§ About this exercise:
Repeat exactly the lines of the entries below from the one with "by rewrite big1" through the one with "Proof. by move=> Ox", both ends included, and nothing else.

########

Definition P_out (n m : nat) (A : 'M[R]_(n, m)) (x : 'cV[R]_n) : Prop :=
  simplex x /\ exists y : 'cV[R]_m, x = A *m y.

Definition P_in (n m : nat) (A : 'M[R]_(n, m)) (x : 'cV[R]_n) : Prop := conv A x.

End Defs.

(* Write [A = U W] with [U] and [W] nonnegative and column-stochastic and [U]
   of width [k <= r], and let [L] be a matrix whose kernel is [col A]. Take
   [P = U S] with [S = {l in Delta_k | L U l = 0}]: it contains the columns
   [U W_j] of [A], and [U] maps [S] into [Delta_n] and into [ker L = col A].
   Moreover [P x {0}] is the slice [{z = 0}] of [conv [U; L U]], a polytope
   whose vertices are among its [k] generators. Finally [S] is a polytope:
   a point of [S] is either the only point of [S] with its support, or it
   lies strictly inside a segment of [S] joining two points of smaller
   support, so by induction [S] is the convex hull of these finitely many
   basic solutions. *)

From HB Require Import structures.
From mathcomp Require Import all_boot all_order all_algebra.
From mathcomp Require Import ring lra.
From Stdlib Require Import Classical.
Import Order.TTheory GRing.Theory Num.Theory.
Set Implicit Arguments. Unset Strict Implicit. Unset Printing Implicit Defensive.
Local Open Scope ring_scope.

Lemma exists_uniq_filter (T : eqType) (Q : T -> Prop) (s : seq T) :
  exists2 w, uniq w /\ (size w <= size s)%N & forall x, x \in w <-> x \in s /\ Q x.
Proof.
elim: s => [|c s [w [wu ws] Hw]].
  by exists [::] => // x; rewrite in_nil; split => // -[].
have [[Qc cw]|Hn] := classic (Q c /\ c \notin w).
  exists (c :: w); first by rewrite /= cw wu ltnS.
  move=> x; rewrite !inE; split.
    by case/orP => [/eqP ->|/Hw [-> Qx]]; rewrite ?eqxx ?orbT.
  by case=> /orP [/eqP ->|xs] Qx; rewrite ?eqxx //; apply/orP; right; apply/Hw.
exists w; first by rewrite wu (leq_trans ws).
move=> x; rewrite inE; split; first by move/Hw => [-> Qx]; rewrite orbT.
case=> /orP [/eqP ->|xs] Qx; last by apply/Hw.
by apply: NNPP => cw; apply: Hn; split => //; apply/negP.
Qed.

Lemma exists_seq_of_unique (I : finType) (T : eqType) (P : I -> T -> Prop) :
  (forall i x y, P i x -> P i y -> x = y) ->
  exists s : seq T, (forall x, x \in s -> exists i, P i x) /\
                    (forall i x, P i x -> x \in s).
Proof.
move=> P_uniq.
suff [s [sP Ps]] : exists s : seq T, (forall x, x \in s -> exists i, P i x) /\
                   (forall i x, i \in enum I -> P i x -> x \in s).
  by exists s; split=> // i x; apply: Ps; rewrite mem_enum.
elim: (enum I) => [|i0 e [s [sP Ps]]]; first by exists [::].
have [[x0 Px0]|Hn] := classic (exists x, P i0 x).
  exists (x0 :: s); split=> [x|i x].
    by rewrite inE => /orP[/eqP ->|/sP//]; exists i0.
  rewrite !inE => /orP[/eqP ->|ie] Px; first by rewrite (P_uniq _ _ _ Px Px0) eqxx.
  by rewrite (Ps i) ?orbT.
exists s; split=> // i x; rewrite inE => /orP[/eqP -> Px|]; last exact: Ps.
by case: Hn; exists x.
Qed.

Section Convexity.
Variable R : realFieldType.

Lemma convE d k (M : 'M[R]_(d, k)) x : conv M x <-> exists2 l, simplex l & x = M *m l.
Proof. by split=> [[l [l0 [l1 ->]]]|[l [l0 l1] ->]]; exists l. Qed.

Lemma sum_mulmx_col p q k (U : 'M[R]_(p, q)) (W : 'M[R]_(q, k)) j :
  (forall t, \sum_a U a t = 1) -> \sum_a (U *m W) a j = \sum_t W t j.
Proof.
move=> U1; under eq_bigr do rewrite mxE.
by rewrite exchange_big; apply: eq_bigr => t _; rewrite -mulr_suml U1 mul1r.
Qed.

Lemma simplex_mulmx p q (U : 'M[R]_(p, q)) l :
  col_stochastic U -> simplex l -> simplex (U *m l).
Proof.
move=> [U0 U1] [l0 l1]; split; last by rewrite sum_mulmx_col.
by move=> i; rewrite mxE; apply: sumr_ge0 => t _; apply: mulr_ge0.
Qed.

Lemma conv_col d k (M : 'M[R]_(d, k)) j : conv M (col j M).
Proof.
apply/convE; exists (delta_mx j 0); last by rewrite colE.
split=> [i|]; first by rewrite mxE ler0n.
rewrite (bigD1 j) //= mxE !eqxx big1 ?addr0 // => i /negbTE ij.
by rewrite mxE ij.
Qed.

Lemma conv_convex d k (M : 'M[R]_(d, k)) a b t :
  conv M a -> conv M b -> 0 <= t <= 1 -> conv M (t *: a + (1 - t) *: b).
Proof.
move=> /convE[la [la0 la1] ->] /convE[lb [lb0 lb1] ->] /andP[t0 t1].
apply/convE; exists (t *: la + (1 - t) *: lb); last by rewrite mulmxDr !scalemxAr.
split=> [i|]; first by rewrite !mxE addr_ge0 // mulr_ge0 // subr_ge0.
under eq_bigr do rewrite !mxE.
by rewrite big_split /= -!mulr_sumr la1 lb1 !mulr1 addrC subrK.
Qed.

Definition mx_of_seq d (s : seq 'cV[R]_d) : 'M[R]_(d, size s) :=
  \matrix_(i < d, j < size s) (nth 0 s j) i 0.

Lemma col_mx_of_seq d (s : seq 'cV[R]_d) (j : 'I_(size s)) :
  col j (mx_of_seq s) = nth 0 s j.
Proof. by apply/matrixP => i j'; rewrite !mxE (ord1 j'). Qed.

Lemma mem_col_mx_of_seq d (s : seq 'cV[R]_d) x :
  x \in s -> exists j, x = col j (mx_of_seq s).
Proof.
move=> xs; exists (Ordinal (etrans (index_mem x s) xs)).
by rewrite col_mx_of_seq nth_index.
Qed.

Lemma conv_mx_of_seq d (s : seq 'cV[R]_d) x : x \in s -> conv (mx_of_seq s) x.
Proof. by move=> /mem_col_mx_of_seq[j ->]; apply: conv_col. Qed.

Lemma simplex_pos_entry k (l : 'cV[R]_k) : simplex l -> exists j, 0 < l j 0.
Proof.
move=> [l0 l1]; apply: NNPP => Hnone.
suff : \sum_i l i 0 = 0 by rewrite l1 => /eqP; rewrite oner_eq0.
apply: big1 => i _; apply/eqP; rewrite eq_le l0 andbT leNgt.
by apply/negP => li; apply: Hnone; exists i.
Qed.

Lemma exists_neg_entry k (v : 'cV[R]_k) :
  v != 0 -> \sum_i v i 0 = 0 -> exists i, v i 0 < 0.
Proof.
move=> vn0 v_sum; apply: NNPP => Hnone; move/eqP: vn0; apply.
apply/matrixP => i j; rewrite (ord1 j) mxE.
apply: (psumr_eq0P _ v_sum) => // i' _.
by rewrite leNgt; apply/negP => vi'; apply: Hnone; exists i'.
Qed.

(* A convex combination with some weight [0 < l_j < 1] splits as
   [l_j * M_j + (1 - l_j) * M l'], so an extreme point must be a column. *)
Lemma extreme_conv_col d k (M : 'M[R]_(d, k)) x :
  extreme (conv M) x -> exists j, x = col j M.
Proof.
move=> [/convE[l [l0 l1] xE] x_extreme].
have [j ljpos] := simplex_pos_entry (conj l0 l1).
exists j; pose t := l j 0.
have lj_le1 : t <= 1.
  by rewrite -l1 (bigD1 j) //= lerDl sumr_ge0.
have [lj1|lj_neq1] := eqVneq t 1.
  have l_off : forall i, i != j -> l i 0 = 0.
    apply: (@psumr_eq0P _ _ (fun i => i != j)) => //.
    by move: l1; rewrite (bigD1 j) //= -/t lj1 -{2}(addr0 1) => /addrI.
  rewrite xE colE; congr (_ *m _); apply/matrixP => i i'.
  rewrite (ord1 i') mxE eqxx andbT.
  by have [->|ij] := eqVneq i j; [rewrite -/t lj1 | rewrite l_off].
have lj_lt1 : t < 1 by rewrite lt_neqAle lj_neq1.
have t1 : 1 - t != 0 by rewrite subr_eq0 eq_sym.
pose l' := (1 - t)^-1 *: (l - t *: delta_mx j 0).
have conv_l' : conv M (M *m l').
  apply/convE; exists l' => //; split=> [i|].
    rewrite !mxE mulr_ge0 ?invr_ge0 ?subr_ge0 //.
    by have [->|ij] := eqVneq i j; rewrite ?eqxx ?mulr1 ?subrr //= mulr0.
  under eq_bigr do rewrite !mxE andbT.
  rewrite -mulr_sumr sumrB l1 (bigD1 j) //= eqxx mulr1 big1 ?addr0 ?mulVf //.
  by move=> i /negbTE ->; rewrite mulr0.
have [] // := x_extreme (col j M) (M *m l') t (conv_col M j) conv_l' ljpos lj_lt1.
rewrite xE /l' -scalemxAr scalerA mulfV // scale1r mulmxBr -scalemxAr -colE.
by rewrite addrC subrK.
Qed.

Lemma conv_polytope_with_vertices d k (M : 'M[R]_(d, k)) :
  exists2 k', (k' <= k)%N & polytope_with_vertices (conv M) k'.
Proof.
have [w [wu ws] Hw] := exists_uniq_filter (extreme (conv M)) [seq col j M | j <- enum 'I_k].
exists (size w); first by move: ws; rewrite size_map size_enum_ord.
split; first by exists k, M.
exists (mx_of_seq w); split.
  move=> j1 j2 /=; rewrite !col_mx_of_seq => /eqP; rewrite nth_uniq // => /eqP.
  exact: val_inj.
move=> x; split=> [Hx|[j ->]]; last first.
  by rewrite col_mx_of_seq; have /Hw [] := mem_nth 0 (ltn_ord j).
have [j xE] := extreme_conv_col Hx.
apply: mem_col_mx_of_seq; apply/Hw; split=> //.
by rewrite xE; apply: map_f; rewrite mem_enum.
Qed.

End Convexity.

Section SimplexKernel.
Variable R : realFieldType.
Variables (q k : nat) (C : 'M[R]_(q, k)).

Definition simplex_ker (l : 'cV[R]_k) : Prop := simplex l /\ C *m l = 0.

Definition supported (J : {set 'I_k}) (v : 'cV[R]_k) : Prop :=
  forall i, i \notin J -> v i 0 = 0.

Definition face_point (J : {set 'I_k}) (y : 'cV[R]_k) : Prop :=
  simplex_ker y /\ supported J y.

Definition face_dir (J : {set 'I_k}) (v : 'cV[R]_k) : Prop :=
  [/\ C *m v = 0, \sum_i v i 0 = 0 & supported J v].

Definition basic_solution (J : {set 'I_k}) (y : 'cV[R]_k) : Prop :=
  face_point J y /\ forall z, face_point J z -> z = y.
Definition step N (x : config N) (i : 'I_N) : config N :=
  rearr [ffun j : 'I_N => (x j + (j == i))%N].

(* A growth law: to each eta in O_N a probability vector (p_1(eta),...,p_N(eta)).
   Values at non-ordered configurations are irrelevant. *)
Definition growth_law (R : realFieldType) N (p : config N -> 'I_N -> R) : Prop :=
  forall x : config N, ordered x ->
    (forall i, (0 <= p x i)%R) /\ (\sum_(i < N) p x i = 1)%R.

(* A Markovian coupling of the two ordered growth processes: from the pair
   state (eta, sigma), the pair of chosen indices (J, J') is drawn with joint
   law K eta sigma, whose marginals are p(eta) and q(sigma); then
   (eta, sigma) moves to (step eta J, step sigma J'). *)
Definition coupling_kernel (R : realFieldType) N
    (p q : config N -> 'I_N -> R)
    (K : config N -> config N -> 'I_N -> 'I_N -> R) : Prop :=
  forall x y : config N, ordered x -> ordered y ->
    (forall i j, (0 <= K x y i j)%R) /\
    (forall i, (\sum_(j < N) K x y i j = p x i)%R) /\
    (forall j, (\sum_(i < N) K x y i j = q y j)%R).

(* reach K t (x0,y0) (x,y): the coupled chain can be at (x,y) at time t
   with positive probability, starting from (x0,y0). *)
Inductive reach (R : realFieldType) N
    (K : config N -> config N -> 'I_N -> 'I_N -> R)
    (x0 y0 : config N) : nat -> config N -> config N -> Prop :=
| reach0 : reach K x0 y0 0 x0 y0
| reachS : forall t x y i j, reach K x0 y0 t x y -> (0 < K x y i j)%R ->
    reach K x0 y0 t.+1 (step x i) (step y j).

From HB Require Import structures.
From mathcomp Require Import all_boot all_order all_algebra all_fingroup.
From mathcomp Require Import zify lra.
Import Order.TTheory GRing.Theory Num.Theory.
Set Implicit Arguments. Unset Strict Implicit. Unset Printing Implicit Defensive.

(* Couple the two chains by the quantile coupling: one uniform variable U picks
   J and J' as the indices whose cumulative intervals for p(eta) and q(sigma)
   contain U.  Since the cumulative sums of p(eta) are dominated by those of
   q(sigma), every jump of positive probability has J' <= J.
   Adding a unit at i to an ordered configuration and reordering is the same as
   adding it at the leftmost index s of the block of coordinates equal to eta_i.
   With s <= i and t <= J' <= i the leftmost indices for both chains, the only
   prefix sums at risk are those of length k in (s, t]; equality there would
   propagate, because eta is constant on [s, i], up to length t and force
   sigma_(t-1) = sigma_t, contradicting the choice of t. *)

Lemma perm_map_enum (T : finType) (s : {perm T}) :
  perm_eq [seq s x | x <- enum T] (enum T).
Proof.
apply: uniq_perm; [by rewrite map_inj_uniq ?enum_uniq //; apply: perm_inj
                  | exact: enum_uniq | move=> a].
rewrite mem_enum; apply/mapP; exists (s^-1 a)%g; first by rewrite mem_enum.
by rewrite permKV.
Qed.

Section Rearrangement.
Variable N : nat.
Implicit Types (x y w : config N) (i j s : 'I_N).

Lemma sorted_ordered w : ordered w -> sorted geq [seq w j | j <- enum 'I_N].
Proof.
move=> Ow; apply: (homo_sorted (e := fun a b : 'I_N => (a <= b)%N)) => [a b|].
  exact: Ow.
by have := iota_sorted 0 N; rewrite -val_enum_ord sorted_map.
Qed.

Lemma rearr_id w : ordered w -> rearr w = w.
Proof.
move=> Ow; apply/ffunP => i; rewrite ffunE sorted_sort; last exact: sorted_ordered.
  by rewrite (nth_map i) ?size_enum_ord // nth_ord_enum.
exact: rev_trans leq_trans.
Qed.

Lemma rearr_permE w (s : {perm 'I_N}) : rearr [ffun j => w (s j)] = rearr w.
Proof.
apply/ffunP => i; rewrite !ffunE; congr nth; apply/perm_sortP.
- by move=> a b; apply: leq_total.
- exact: rev_trans leq_trans.
- by move=> a b /andP[ab ba]; apply: anti_leq; rewrite [_ && _]andbC; apply/andP.
under eq_map do rewrite ffunE.
by rewrite (map_comp w s); apply: perm_map; apply: perm_map_enum.
Qed.

Definition bump x s : config N := [ffun l => x l + (l == s)]%N.

Lemma bump_ordered x s :
  ordered x -> (forall a : 'I_N, a < s -> x s < x a)%N -> ordered (bump x s).
Proof.
move=> Ox lt_s a b; rewrite !ffunE; case: (eqVneq b s) => [-> | _] ab.
  case: (eqVneq a s) => [-> // | ne_as].
  have : (a < s)%N by rewrite ltn_neqAle ab andbT.
  by move/lt_s; rewrite addn0 addn1.
by rewrite addn0 (leq_trans (Ox a b ab)) ?leq_addr.
Qed.

Lemma bump_tperm x s i :
  x s = x i -> bump x i = [ffun l => bump x s (tperm s i l)].
Proof.
move=> xsi; apply/ffunP => l; rewrite !ffunE.
case: tpermP => [-> | -> | /eqP/negbTE-> /eqP/negbTE->] //.
  by rewrite xsi eq_sym.
by rewrite !eqxx xsi.
Qed.

Lemma step_leftmost x i : ordered x ->
  exists s, [/\ (s <= i)%N, x s = x i, (forall a : 'I_N, a < s -> x s < x a)%N
              & step x i = bump x s].
Proof.
move=> Ox; case: (@arg_minnP _ i (fun a => x a == x i) val (eqxx _))
  => s /eqP xsi s_min.
have lt_s (a : 'I_N) : (a < s)%N -> (x s < x a)%N.
  move=> a_s; rewrite ltn_neqAle Ox ?(ltnW a_s) // andbT xsi.
  by apply: contraTN a_s => /eqP xia; rewrite -leqNgt s_min // xia.
exists s; split=> //; first exact: s_min.
rewrite -[step x i]/(rearr (bump x i)) (bump_tperm xsi) rearr_permE rearr_id //.
exact: bump_ordered.
Qed.

Lemma step_ordered x i : ordered x -> ordered (step x i).
Proof.
by move=> Ox; have [s [_ _ lt_s ->]] := step_leftmost i Ox; apply: bump_ordered.
Qed.

Lemma sum_bump x s k :
  (\sum_(l < N | l < k) bump x s l = \sum_(l < N | l < k) x l + (s < k))%N.
Proof.
under eq_bigr do rewrite ffunE.
rewrite big_split /=; congr (_ + _)%N; case: (ltnP s k) => [sk | ks].
  by rewrite (bigD1 s) //= eqxx big1 // => l /andP[_ /negbTE ->].
by rewrite big1 // => l lk; case: eqVneq lk => // ->; rewrite ltnNge ks.
Qed.

Lemma tot_prefix x : tot x = (\sum_(l < N | l < N) x l)%N.
Proof. by apply: eq_bigl => l; rewrite ltn_ord. Qed.

Lemma prec_ordered x y : ordered x -> ordered y ->
  prec x y <-> tot x = tot y /\ forall k, (k <= N)%N ->
    (\sum_(i < N | i < k) x i <= \sum_(i < N | i < k) y i)%N.
Proof. by move=> Ox Oy; rewrite /prec !rearr_id. Qed.

Definition coord x n := nth 0%N (fgraph x) n.

Lemma coordE x i : coord x i = x i.
Proof. exact: nth_fgraph_ord. Qed.

Lemma sum_coord x k : (k <= N)%N ->
  (\sum_(l < N | l < k) x l = \sum_(l < k) coord x l)%N.
Proof.
move=> kN; rewrite (big_ord_widen N (coord x) kN).
by apply: eq_bigr => l _; rewrite coordE.
Qed.

Lemma coord_nonincr x : ordered x ->
  forall a b, (a <= b)%N -> (b < N)%N -> (coord x b <= coord x a)%N.
Proof.
move=> Ox a b ab bN; have aN := leq_ltn_trans ab bN.
by rewrite -[a]/(val (Ordinal aN)) -[b]/(val (Ordinal bN)) !coordE; apply: Ox.
Qed.

End Rearrangement.

Section PrefixDominance.
Local Unset Implicit Arguments.
Variables (n : nat) (f g : nat -> nat).
Hypothesis f_nonincr : forall a b, a <= b -> b < n -> f b <= f a.
Hypothesis g_nonincr : forall a b, a <= b -> b < n -> g b <= g a.
Hypothesis f_le_g : forall k, k <= n -> \sum_(l < k) f l <= \sum_(l < k) g l.
Variables s t i : nat.
Hypotheses (i_lt_n : i < n) (s_le_i : s <= i) (f_flat : f s = f i).
Hypotheses (t_le_i : t <= i) (g_drop : 0 < t -> g t < g t.-1).

Local Notation F k := (\sum_(l < k) f l).
Local Notation G k := (\sum_(l < k) g l).

Lemma prefix_eq_succ m :
  s <= m -> m < t -> F m.+1 = G m.+1 -> g m.+1 = g m /\ F m.+2 = G m.+2.
Proof.
move=> sm mt; rewrite !big_ord_recr /= => Fm1.
have := f_le_g m ltac:(lia); have := f_le_g m.+2 ltac:(lia).
rewrite !big_ord_recr /=.
have := f_nonincr s m ltac:(lia) ltac:(lia).
have := f_nonincr m m.+1 ltac:(lia) ltac:(lia).
have := f_nonincr m.+1 i ltac:(lia) ltac:(lia).
have := g_nonincr m m.+1 ltac:(lia) ltac:(lia).
lia.
Qed.

Lemma prefix_lt k : s < k -> k <= t -> F k < G k.
Proof.
move=> sk kt; rewrite ltn_neqAle f_le_g ?andbT; last by lia.
apply/eqP; move: {2}(t - k) (erefl (t - k)) => d.
elim: d k sk kt => [|d IH] [|m] // e sm mt Fm1.
  have [gm1 _] := prefix_eq_succ m ltac:(lia) ltac:(lia) Fm1.
  have tm : t = m.+1 by lia.
  by have := g_drop; rewrite tm /= gm1 ltnn => /(_ isT).
have [_ Fm2] := prefix_eq_succ m ltac:(lia) ltac:(lia) Fm1.
by apply: (IH m.+2) Fm2; lia.
Qed.

Lemma bumped_prefix_le k : k <= n -> F k + (s < k) <= G k + (t < k).
Proof.
move=> kn; have := f_le_g k kn.
case: (ltnP s k) => sk; case: (ltnP t k) => tk; rewrite ?addn0 ?addn1 //; try lia.
by rewrite prefix_lt.
Qed.

End PrefixDominance.

Lemma prec_step N (x y : config N) (i j : 'I_N) :
  ordered x -> ordered y -> prec x y -> (j <= i)%N ->
  prec (step x i) (step y j).
Proof.
move=> Ox Oy xy ji.
have [s [si xsi _ ex]] := step_leftmost i Ox.
have [t [tj _ lt_t ey]] := step_leftmost j Oy.
rewrite (prec_ordered (step_ordered i Ox) (step_ordered j Oy)) ex ey.
move: xy; rewrite prec_ordered // => -[tot_xy le_xy].
split=> [|k kN]; first by rewrite !tot_prefix !sum_bump !ltn_ord -!tot_prefix tot_xy.
rewrite !sum_bump !sum_coord //.
apply: (bumped_prefix_le N (coord x) (coord y) (coord_nonincr Ox)
          (coord_nonincr Oy) _ s t i (ltn_ord i)) => //.
- by move=> k' k'N; rewrite -!sum_coord //; apply: le_xy.
- by rewrite !coordE.
- exact: leq_trans tj ji.
- move=> t_gt0; have t1N : (t.-1 < N)%N by rewrite (leq_ltn_trans (leq_pred t)).
  by rewrite -[t.-1]/(val (Ordinal t1N)) !coordE lt_t //= prednK.
Qed.

Local Open Scope ring_scope.

Section Overlap.
Variable R : realFieldType.
Implicit Types a b c d t : R.

Definition overlap a b c d := Num.max 0 (Num.min b d - Num.max a c).

Definition clamp a b t := Num.min b (Num.max a t).

Lemma overlapC a b c d : overlap a b c d = overlap c d a b.
Proof. by rewrite /overlap (minC b d) (maxC a c). Qed.

Lemma overlap_ge0 a b c d : 0 <= overlap a b c d.
Proof. by rewrite le_max lexx. Qed.

Lemma overlap_gt0 a b c d : 0 < overlap a b c d -> c < b.
Proof.
by rewrite /overlap lt_max ltxx subr_gt0 gt_max !lt_min => /and3P[].
Qed.

Lemma overlap_clamp a b c d : a <= b -> c <= d ->
  overlap a b c d = clamp a b d - clamp a b c.
Proof.
rewrite /overlap /clamp !maxEle !minEle => ab cd.
by repeat case: ifP => /=; rewrite ?ltNge; move=> *; lra.
Qed.

Lemma sum_overlap n (Q : nat -> R) a b :
  0 <= a -> a <= b -> b <= 1 -> Q 0%N = 0 -> Q n = 1 ->
  (forall k, Q k <= Q k.+1) ->
  \sum_(j < n) overlap a b (Q j) (Q j.+1) = b - a.
Proof.
move=> a0 ab b1 Q0 Qn Qmono.
rewrite (eq_bigr (fun j : 'I_n => clamp a b (Q j.+1) - clamp a b (Q j)));
  last by move=> j _; rewrite overlap_clamp.
rewrite -(big_mkord xpredT (fun j => clamp a b (Q j.+1) - clamp a b (Q j))).
rewrite telescope_sumr // Qn Q0 /clamp !maxEle !minEle.
by repeat case: ifP => /=; move=> *; lra.
Qed.

End Overlap.

Section Cumsum.
Variables (R : realFieldType) (N : nat) (P : 'I_N -> R).
Hypothesis P_ge0 : forall i, 0 <= P i.

Definition cumsum k := \sum_(l < N | (l < k)%N) P l.

Lemma cumsum0 : cumsum 0 = 0.
Proof. exact: big_pred0. Qed.

Lemma cumsumN : cumsum N = \sum_(l < N) P l.
Proof. by apply: eq_bigl => l; rewrite ltn_ord. Qed.

Lemma cumsumS (i : 'I_N) : cumsum i.+1 = cumsum i + P i.
Proof.
rewrite /cumsum (bigD1 i) //= addrC; congr (_ + _); apply: eq_bigl => l.
by rewrite ltnS ltn_neqAle andbC.
Qed.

########

§ Result:
by rewrite big1 // => l lk; case: eqVneq lk => // ->; rewrite ltnNge ks.
Qed.

Lemma tot_prefix x : tot x = (\sum_(l < N | l < N) x l)%N.
Proof. by apply: eq_bigl => l; rewrite ltn_ord. Qed.

Lemma prec_ordered x y : ordered x -> ordered y ->
  prec x y <-> tot x = tot y /\ forall k, (k <= N)%N ->
    (\sum_(i < N | i < k) x i <= \sum_(i < N | i < k) y i)%N.
Proof. by move=> Ox Oy; rewrite /prec !rearr_id. Qed.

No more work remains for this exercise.